La historia de Ezequías también conoce la decadencia del final. Nunca resulta fácil conservar de adultos la belleza de la juventud. Incluso las personas más nobles y justas están expuestas al peligro muy real del declive moral en el tramo final de su vida. Esta suerte iguala a las personas y a las instituciones, porque tampoco las empresas, las organizaciones y las comunidades generalmente consiguen mantener por la tarde las promesas del alba. Ezequías fue un rey justo, a pesar de su final. Es la ley de la vida. En la infancia se siembran más semillas que las que florecerán en la juventud y muchas más que las que darán fruto en la madurez.

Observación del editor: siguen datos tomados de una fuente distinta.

(* At a point of a framework, consider a tensor derivation $M(\cdot)$ acting on spinors by a matrix $M^\alpha_\beta$ and on vectors by a matrix $M^i_j$, so that $$M(\cdot)\bigl(T^\alpha_{i\beta}\bigr)=M^\alpha_\lambda T^\lambda_{i\beta}-T^\alpha_{i\lambda}M^\lambda_\beta-M^k_iT^\alpha_{k\beta}.$$ Then $M(\cdot)(T^\alpha_{i\beta})=0$ for all $i,\alpha,\beta$ if and only if there exist a scalar $a$ and a vector $b^k$ with $$M^\alpha_\beta=a\,1^\alpha_\beta+b^kT^\alpha_{k\beta},\qquad M^i_j=b^kT^i_{kj}.$$
   Context: Framework (pointwise data). $V$ is a real 4-dimensional vector space (''spinors'') with Greek indices; lowercase Latin indices index a 10-dimensional real vector space (the tangent space); summation convention. $T^k_{ij}$ are structure constants making the tangent space a Lie algebra isomorphic to $\mathfrak{so}(2,3)\cong\mathfrak{sp}(4,\mathbb R)$, and $T^\alpha_{i\beta}$ are matrices with $T^\alpha_{i\lambda}T^\lambda_{j\beta}-T^\alpha_{j\lambda}T^\lambda_{i\beta}=T^k_{ij}T^\alpha_{k\beta}$ giving the 4-dimensional irreducible real representation of this Lie algebra on $V$. $1^\alpha_\beta$ is the identity on $V$. *)

From HB Require Import structures.
From mathcomp Require Import all_boot all_order all_algebra.
From mathcomp Require Import reals.
Set Implicit Arguments. Unset Strict Implicit. Unset Printing Implicit Defensive.
Import Order.TTheory GRing.Theory Num.Theory.
Local Open Scope ring_scope.

(* Conventions:
   Tv k i j  = T^k_{ij}   (structure constants of the 10-dim tangent Lie algebra)
   Ts a i b  = T^alpha_{i beta}  (spinor representation matrices)
   Ms a b    = M^alpha_beta,   Mv i j = M^i_j. *)

Section Defs.
Variable R : realType.

Definition Jsymp : 'M[R]_4 :=
  \matrix_(i < 4, j < 4)
    (if (i + 2 == j)%N then 1 else if (j + 2 == i)%N then -1 else 0).

Definition is_sp4 (A : 'M[R]_4) : Prop := A^T *m Jsymp + Jsymp *m A = 0.

(* The Lie algebra with structure constants Tv is isomorphic to sp(4,R):
   a linear bijection R^10 -> sp(4,R) (given on the standard basis by phi)
   intertwining the brackets. *)
Definition iso_to_sp4 (Tv : 'I_10 -> 'I_10 -> 'I_10 -> R) : Prop :=
  exists phi : 'I_10 -> 'M[R]_4,
    [/\ forall i, is_sp4 (phi i),
        forall c : 'I_10 -> R, \sum_i c i *: phi i = 0 -> forall i, c i = 0,
        forall A, is_sp4 A -> exists c : 'I_10 -> R, A = \sum_i c i *: phi i
      & forall i j, phi i *m phi j - phi j *m phi i = \sum_k Tv k i j *: phi k].

Definition is_rep (Tv : 'I_10 -> 'I_10 -> 'I_10 -> R)
    (Ts : 'I_4 -> 'I_10 -> 'I_4 -> R) : Prop :=
  forall i j a b,
    \sum_l (Ts a i l * Ts l j b - Ts a j l * Ts l i b)
    = \sum_k Tv k i j * Ts a k b.

Definition Tmat (Ts : 'I_4 -> 'I_10 -> 'I_4 -> R) (i : 'I_10) : 'M[R]_4 :=
  \matrix_(a < 4, b < 4) Ts a i b.

(* irreducibility over R: every subspace of R^4 (given as the row space of U,
   rows being transposed column vectors) invariant under all T_i is 0 or R^4. *)
Definition irreducible_rep (Ts : 'I_4 -> 'I_10 -> 'I_4 -> R) : Prop :=
  forall U : 'M[R]_4,
    (forall i, (U *m (Tmat Ts i)^T <= U)%MS) -> U = 0 \/ row_full U.

Definition Mderiv_T (Ts : 'I_4 -> 'I_10 -> 'I_4 -> R)
    (Ms : 'I_4 -> 'I_4 -> R) (Mv : 'I_10 -> 'I_10 -> R)
    (a : 'I_4) (i : 'I_10) (b : 'I_4) : R :=
  \sum_l Ms a l * Ts l i b - \sum_l Ts a i l * Ms l b
  - \sum_k Mv k i * Ts a k b.

End Defs.

From HB Require Import structures.
From mathcomp Require Import all_boot all_order all_algebra.
From mathcomp Require Import reals.
From mathcomp Require Import ring lra zify.
Import Order.TTheory GRing.Theory Num.Theory.
Local Open Scope ring_scope.
Set Implicit Arguments. Unset Strict Implicit. Unset Printing Implicit Defensive.

(* Transported along the isomorphism [phi], the matrices [T_i] form a 4-dimensional
   irreducible representation [rho] of sp(4,R).  Highest weight theory identifies it with
   the defining one: a vector killed by the positive root vectors exists (they act
   nilpotently), sl(2)-strings force its weight to be (1,0) (a weight (0,0) spans an
   invariant line, any other weight produces five vectors of distinct weights in
   dimension 4), and its images under the lowering operators give an invertible [P]
   with [T_i P = P phi_i].  After conjugation by [P] the hypothesis says that [M]
   normalises sp(4,R); then [M^T J + J M] is an antisymmetric invariant form, hence a
   multiple of [J], so [M] is a scalar plus an element [b^k T_k] of the algebra, and
   linear independence of the [T_k] gives [M^i_j = b^k T^i_{kj}]. *)

Definition br (R : pzRingType) n (A B : 'M[R]_n) := A *m B - B *m A.

Lemma br_sum_scale (R : comPzRingType) n (I J : finType) (F : I -> 'M[R]_n) (G : J -> 'M[R]_n)
    (a : I -> R) (b : J -> R) :
  br (\sum_i a i *: F i) (\sum_j b j *: G j) = \sum_i \sum_j (a i * b j) *: br (F i) (G j).
Proof.
rewrite /br.
have -> : (\sum_i a i *: F i) *m (\sum_j b j *: G j) =
    \sum_i \sum_j (a i * b j) *: (F i *m G j).
  rewrite mulmx_suml; apply: eq_bigr => i _; rewrite mulmx_sumr; apply: eq_bigr => j _.
  by rewrite -scalemxAl -scalemxAr scalerA.
have -> : (\sum_j b j *: G j) *m (\sum_i a i *: F i) =
    \sum_i \sum_j (a i * b j) *: (G j *m F i).
  rewrite mulmx_sumr; apply: eq_bigr => i _; rewrite mulmx_suml; apply: eq_bigr => j _.
  by rewrite -scalemxAl -scalemxAr scalerA mulrC.
rewrite -sumrB; apply: eq_bigr => i _; rewrite -sumrB; apply: eq_bigr => j _.
by rewrite scalerBr.
Qed.

Lemma br_comb_left (R : comPzRingType) n (I : finType) (F : I -> 'M[R]_n)
    (C : I -> I -> I -> R) (b : I -> R) i :
  (forall i j, br (F i) (F j) = \sum_k C k i j *: F k) ->
  br (\sum_j b j *: F j) (F i) = \sum_k (\sum_j b j * C k j i) *: F k.
Proof.
move=> F_br; have -> : br (\sum_j b j *: F j) (F i) = \sum_j b j *: br (F j) (F i).
  rewrite /br mulmx_suml mulmx_sumr -sumrB; apply: eq_bigr => j _.
  by rewrite -scalemxAl -scalemxAr scalerBr.
under eq_bigr => j _ do rewrite F_br scaler_sumr.
rewrite exchange_big /=; apply: eq_bigr => k _.
by rewrite scaler_suml; apply: eq_bigr => j _; rewrite scalerA.
Qed.

Lemma br_scalar_mxDl (R : comPzRingType) n (c : R) (X Y : 'M[R]_n) : br (c%:M + X) Y = br X Y.
Proof. by rewrite /br mulmxDl mulmxDr mul_scalar_mx mul_mx_scalar opprD addrACA subrr add0r. Qed.

Definition colmx (R : pzRingType) m n (u : 'I_n -> 'cV[R]_m) : 'M[R]_(m, n) :=
  \matrix_(i, j) u j i 0.

Lemma mulmx_colmx (R : comPzRingType) m n (M : 'M[R]_m) (G : 'M[R]_n) (u : 'I_n -> 'cV[R]_m) :
  (forall j, M *m u j = \sum_k G k j *: u k) -> M *m colmx u = colmx u *m G.
Proof.
move=> Mu; apply/matrixP => i j; rewrite !mxE.
have -> : \sum_k M i k * colmx u k j = (M *m u j) i 0.
  by rewrite mxE; apply: eq_bigr => k _; rewrite mxE.
by rewrite Mu summxE; apply: eq_bigr => k _; rewrite !mxE mulrC.
Qed.

Lemma card_eigenvalues_leq (F : fieldType) n (g : 'M[F]_n) (I : finType) (a_ : I -> F) :
  injective a_ -> (forall i, eigenvalue g (a_ i)) -> (#|I| <= n)%N.
Proof.
move=> inj_a eig_a.
have /mxdirectP /= rk_sum := mxdirect_sum_eigenspace g (P := predT) (in2W inj_a).
rewrite -sum1_card; apply: leq_trans (rank_leq_col (\sum_i eigenspace g (a_ i))%MS).
by rewrite rk_sum leq_sum // => i _; rewrite lt0n mxrank_eq0; apply: eig_a.
Qed.

Lemma ad_eigenvector_nilpotent (R : numFieldType) n (h f : 'M[R]_n.+1) (c : R) :
  c != 0 -> br h f = c *: f -> exists k, f ^+ k = 0.
Proof.
move=> c_neq0 hf.
have ad_pow k : h *m f ^+ k - f ^+ k *m h = (k%:R * c) *: f ^+ k.
  elim: k => [|k IHk]; first by rewrite expr0 mul1mx mulmx1 subrr mul0r scale0r.
  rewrite exprS -mulmxE.
  have -> : h *m (f *m f ^+ k) - f *m f ^+ k *m h =
      (h *m f - f *m h) *m f ^+ k + f *m (h *m f ^+ k - f ^+ k *m h).
    by rewrite mulmxBl mulmxBr !mulmxA addrA subrK.
  rewrite [_ - _]hf IHk -scalemxAl -scalemxAr -scalerDl; congr (_ *: _).
  by rewrite mulrSr; ring.
(* [ad] is [br h] acting on [mxvec]; the [f ^+ k] are eigenvectors for the distinct [k c]. *)
pose ad := lin_mulmx h - lin_mulmxr h.
have [k /eqP fk0 | fk_neq0] := pickP (fun k : 'I_(n.+1 * n.+1).+1 => f ^+ k == 0).
  by exists k.
have inj_a : injective (fun k : 'I_(n.+1 * n.+1).+1 => k%:R * c).
  by move=> i j /(mulIf c_neq0) /eqP; rewrite eqr_nat => /eqP /val_inj.
suff eig_ad (k : 'I_(n.+1 * n.+1).+1) : eigenvalue ad (k%:R * c).
  by have := card_eigenvalues_leq inj_a eig_ad; rewrite card_ord ltnn.
apply/eigenvalueP; exists (mxvec (f ^+ k)).
  by rewrite mulmxBr !mul_vec_lin /= -linearB -linearZ /= ad_pow.
by rewrite mxvec_eq0 (fk_neq0 k).
Qed.

Lemma last_nonzero_index (T : eqType) (x0 : T) (g : nat -> T) N :
  g 0 != x0 -> g N = x0 -> exists j, [/\ (j < N)%N, g j != x0 & g j.+1 = x0].
Proof.
elim: N => [|N IHN] g0 gN; first by rewrite gN eqxx in g0.
have [/IHN [] // j [jN gj gj1]|gN_neq0] := eqVneq (g N) x0; last by exists N.
by exists j; split=> //; apply: ltnW.
Qed.

Section Nilpotent.
Variables (F : fieldType) (n : nat).
Implicit Types (g : 'M[F]_n.+1) (v : 'cV[F]_n.+1).

Lemma mulmx_exprS g k v : g ^+ k.+1 *m v = g *m (g ^+ k *m v).
Proof. by rewrite exprS -mulmxE mulmxA. Qed.

Lemma mulmx_exprSr g k v : g ^+ k.+1 *m v = g ^+ k *m (g *m v).
Proof. by rewrite exprSr -mulmxE mulmxA. Qed.

Lemma nilpotent_kernel_vector g k (P : 'cV[F]_n.+1 -> Prop) :
  g ^+ k = 0 -> (forall v, P v -> P (g *m v)) ->
  forall w, P w -> w != 0 -> exists v, [/\ P v, v != 0 & g *m v = 0].
Proof.
move=> gk0 Pg w Pw w_neq0.
have := @last_nonzero_index _ 0 (fun j => g ^+ j *m w) k.
rewrite expr0 mul1mx gk0 mul0mx => /(_ w_neq0 erefl) [j [_ gjw_neq0 gj1w]].
exists (g ^+ j *m w); split => //; last by rewrite -mulmx_exprS.
by elim: j {gjw_neq0 gj1w} => [|j IHj]; rewrite ?expr0 ?mul1mx // mulmx_exprS; apply: Pg.
Qed.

Y aunque los frutos adultos sean muchos y sabrosos, nunca podrán igualar la pureza y la inocencia iniciales de la semilla antes de marchitarse y morir en la tierra de la historia. Por eso, una tentación muy frecuente en la fase adulta de las historias nacidas de semillas raras y puras es la nostalgia de la primera semilla, de su bella entereza; nostalgia del uno antes de perderse y contaminarse en el múltiple. Olvidamos que, bajo el sol, los frutos solo pueden nacer de la muerte del uno, y que la excedencia de la primera siembra es necesaria para la bondad de los frutos, aunque sean pocos o solo haya uno. La eficiencia no es una categoría del espíritu. Muchas decadencias de la vida adulta ya están inscritas en la infancia. Muchas, pero no todas, porque hay decadencias evitables, que no son necesarias. Pero solo nos daremos cuenta al final, cuando la única sabiduría posible sea pronunciar, dócilmente, el último “amén”. Y, en esa última mirada, no faltará nada.